Where does the word "Hypotheses" show up in the data? Please find each such line and copy it.

#### RECORDS FOR PROCESSING ####

Definition wmeas (phi : R -> R) (A : set R) : \bar R :=
  (\int[@lebesgue_measure R]_(x in A) (phi x)%:E)%E.

Definition circ_avg (phi : R -> R) : R :=
  fine (\int[@lebesgue_measure R]_(x in circle) (phi x)%:E)%E.

Definition levy_prokhorov (c : R) (mu1 mu2 : set R -> \bar R) : \bar R :=
  ereal_inf [set e%:E | e in [set e : R | 0 < e /\
     forall A : set R, measurable A -> A `<=` circle ->
       (mu1 A <= mu2 (circ_nbhd c A e))%E]].

End circle.

(* Since phi >= e^-kappa avg, the complement of A carries phi-mass at least
   e^-kappa avg (1 - mu A), hence (phi.mu)(A) <= avg (mu A + 1 - e^-kappa)
   <= avg (mu A + kappa).  If the e-neighbourhood A_e is not the whole circle,
   rotating a point outside A_e to 0 puts A inside [r, 1 - r], r = e / c, and
   the two arcs of length r beyond the extremities of the rotated A lie in
   A_e \ A, so mu A_e >= mu A + 2 r.  Hence for e > kappa c / 2 both bounds
   combine into (phi.mu)(A) <= avg mu(A_e), and kappa c / 2 <= kappa diam. *)

From HB Require Import structures.
From mathcomp Require Import all_boot all_order all_algebra.
From mathcomp Require Import all_classical all_reals all_analysis.
From mathcomp Require Import measurable_realfun lra.
Set Implicit Arguments. Unset Strict Implicit. Unset Printing Implicit Defensive.
Import Order.TTheory GRing.Theory Num.Theory.
Local Open Scope classical_set_scope.
Local Open Scope ring_scope.

Section arc_distance.
Variable R : realType.
Implicit Types p u x y z : R.

Lemma circleP x : circle x <-> 0 <= x < 1.
Proof. by rewrite /circle /= in_itv. Qed.

Definition arcnorm u : R := Num.min `|u| (1 - `|u|).

Lemma circ_distE c x y : circ_dist c x y = c * arcnorm (x - y).
Proof. by []. Qed.

Lemma arcnorm_le_norm u : arcnorm u <= `|u|.
Proof. by rewrite ge_min lexx. Qed.

Lemma arcnorm0 : arcnorm 0 = 0.
Proof. by rewrite /arcnorm normr0 subr0 /Order.min ltr01. Qed.

Lemma arcnormD1 u : -1 <= u <= 0 -> arcnorm (u + 1) = arcnorm u.
Proof.
move=> /andP[u1 u0]; rewrite /arcnorm (ler0_norm u0) (@ger0_norm _ (u + 1)); last lra.
by rewrite minC; congr Num.min; lra.
Qed.

Lemma arcnorm_lipschitz u v : arcnorm u <= arcnorm v + `|u - v|.
Proof.
have := lerB_dist u v; have := lerB_dist v u; rewrite distrC /arcnorm => h1 h2.
rewrite -lerBlDr le_min !lerBlDr !ge_min.
by apply/andP; split; apply/orP; [left | right]; lra.
Qed.

Definition rot p x : R := if p <= x then x - p else x - p + 1.

Lemma rot_circle p x : circle p -> circle x -> circle (rot p x).
Proof.
by move=> /circleP/andP[p0 p1] /circleP/andP[x0 x1]; apply/circleP;
  rewrite /rot; case: ifP => h; apply/andP; split; lra.
Qed.

Lemma rotpp p : rot p p = 0.
Proof. by rewrite /rot lexx subrr. Qed.

Lemma arcnorm_rot p x y : circle p -> circle x -> circle y ->
  arcnorm (rot p x - rot p y) = arcnorm (x - y).
Proof.
move=> /circleP/andP[p0 p1] /circleP/andP[x0 x1] /circleP/andP[y0 y1].
rewrite /rot; case: ifP => px; case: ifP => py.
- by congr arcnorm; lra.
- rewrite -[x - y](subrK 1) arcnormD1; first by congr arcnorm; lra.
  by apply/andP; split; lra.
- rewrite -(arcnormD1 (u := x - y)); first by congr arcnorm; lra.
  by apply/andP; split; lra.
- by congr arcnorm; lra.
Qed.

Definition rot_arc p a b : set R := [set y | circle y /\ a < rot p y < b].

Lemma rot_arc_measurable_length p a b : circle p -> 0 <= a < b -> b <= 1 ->
  measurable (rot_arc p a b) /\ lebesgue_measure (rot_arc p a b) = (b - a)%:E.
Proof.
move=> /circleP/andP[p0 p1] /andP[a0 ab] b1.
have lebesgue_itv (i : interval R) :
    (i.1 < i.2)%E -> lebesgue_measure [set` i] = (i.2 - i.1)%E.
  by move=> lti; rewrite lebesgue_measure_itv lti.
case: (leP (p + b) 1) => pb1.
  have -> : rot_arc p a b = `]p + a, p + b[%classic.
    rewrite /rot_arc /rot; apply/seteqP; split => y /=; rewrite in_itv /=.
      case=> /circleP/andP[y0 y1].
      by case: ifP => py /andP[H1 H2]; apply/andP; split; lra.
    move=> /andP[H1 H2]; split; first by apply/circleP/andP; split; lra.
    by case: ifP => py; apply/andP; split; lra.
  split; first exact: measurable_itv.
  by rewrite lebesgue_itv /= ?lte_fin -?EFinD; [congr EFin; lra | lra].
case: (leP 1 (p + a)) => pa1.
  have -> : rot_arc p a b = `]p + a - 1, p + b - 1[%classic.
    rewrite /rot_arc /rot; apply/seteqP; split => y /=; rewrite in_itv /=.
      case=> /circleP/andP[y0 y1].
      by case: ifP => py /andP[H1 H2]; apply/andP; split; lra.
    move=> /andP[H1 H2]; split; first by apply/circleP/andP; split; lra.
    by case: ifP => py; apply/andP; split; lra.
  split; first exact: measurable_itv.
  by rewrite lebesgue_itv /= ?lte_fin -?EFinD; [congr EFin; lra | lra].
have -> : rot_arc p a b = `]p + a, 1[%classic `|` `[0, p + b - 1[%classic.
  rewrite /rot_arc /rot; apply/seteqP; split => y /=; rewrite !in_itv /=.
    case=> /circleP/andP[y0 y1]; case: ifP => py /andP[H1 H2].
      by left; apply/andP; split; lra.
    by right; apply/andP; split; lra.
  by case=> /andP[H1 H2]; (split; first by apply/circleP/andP; split; lra);
    case: ifP => py; apply/andP; split; lra.
split; first by apply: measurableU; exact: measurable_itv.
rewrite measureU; [|exact: measurable_itv|exact: measurable_itv|].
  rewrite (_ : b - a = (1 - (p + a)) + (p + b - 1 - 0)) ?EFinD; last lra.
  by congr (_ + _)%E; apply: lebesgue_itv; rewrite /= lte_fin; lra.
by apply/seteqP; split => y //=; rewrite !in_itv /= => -[/andP[? ?] /andP[? ?]]; lra.
Qed.

End arc_distance.

Section circle_neighbourhood.
Variables (R : realType) (c e : R) (A : set R).
Hypotheses (c0 : 0 < c) (e0 : 0 < e).

Lemma measurable_circ_nbhd : measurable (circ_nbhd c A e).
Proof.
have -> : circ_nbhd c A e = @circle R `&` [set y | exists2 x, A x & circ_dist c x y < e].
  by apply/seteqP; split => y [].
apply: measurableI; first exact: measurable_itv.
apply: open_measurable; rewrite openE => y [x Ax xy]; rewrite /interior /=.
apply/nbhs_ballP; exists ((e - circ_dist c x y) / c) => /=.
  by rewrite divr_gt0 // subr_gt0.
move=> z; rewrite /ball_ /= ltr_pdivlMr // => yz; exists x => //.
have := ler_wpM2l (ltW c0) (arcnorm_lipschitz (x - z) (x - y)).
rewrite !circ_distE (_ : x - z - (x - y) = y - z) in xy yz * => [|]; last lra.
rewrite mulrDr; rewrite mulrC in yz.
lra.
Qed.

Lemma sub_circ_nbhd : A `<=` @circle R -> A `<=` circ_nbhd c A e.
Proof.
move=> Asub x Ax; split; first exact: Asub.
by exists x; rewrite // circ_distE subrr arcnorm0 mulr0.
Qed.

End circle_neighbourhood.

Section circle_neighbourhood_measure.
Variables (R : realType) (c e : R) (A : set R) (p : R).
Hypotheses (c0 : 0 < c) (e0 : 0 < e) (mA : measurable A) (Asub : A `<=` @circle R).
Hypotheses (Cp : circle p) (Np : ~ circ_nbhd c A e p).

Lemma rot_far_from_nbhd x : A x -> e / c <= rot p x <= 1 - e / c.
Proof.
move=> Ax; have Cx := Asub Ax.
have /negP : ~ circ_dist c x p < e by move=> xp; apply: Np; split => //; exists x.
rewrite circ_distE -(arcnorm_rot Cp Cx Cp) rotpp subr0 -leNgt -ler_pdivrMl //.
have /circleP/andP[rx0 _] := rot_circle Cp Cx.
by rewrite /arcnorm ger0_norm // le_min => /andP[? ?]; apply/andP; split; lra.
Qed.

Lemma rot_near_in_circ_nbhd x y : A x -> circle y ->
  `|rot p x - rot p y| < e / c -> circ_nbhd c A e y.
Proof.
move=> Ax Cy xy; split => //; exists x => //.
rewrite circ_distE -(arcnorm_rot Cp (Asub Ax) Cy) mulrC -ltr_pdivlMr //.
exact: le_lt_trans (arcnorm_le_norm _) xy.
Qed.

Lemma rot_image_has_inf : A !=set0 -> has_inf (rot p @` A).
Proof.
move=> [x Ax]; split; first by exists (rot p x), x.
by exists 0 => _ [y Ay <-]; have /circleP/andP[] := rot_circle Cp (Asub Ay).
Qed.

Lemma rot_image_has_sup : A !=set0 -> has_sup (rot p @` A).
Proof.
move=> [x Ax]; split; first by exists (rot p x), x.
by exists 1 => _ [y Ay <-]; have /circleP/andP[_ /ltW] := rot_circle Cp (Asub Ay).
Qed.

####

ANSWER ->
Hypotheses (c0 : 0 < c) (e0 : 0 < e).
Hypotheses (c0 : 0 < c) (e0 : 0 < e) (mA : measurable A) (Asub : A `<=` @circle R).
Hypotheses (Cp : circle p) (Np : ~ circ_nbhd c A e p).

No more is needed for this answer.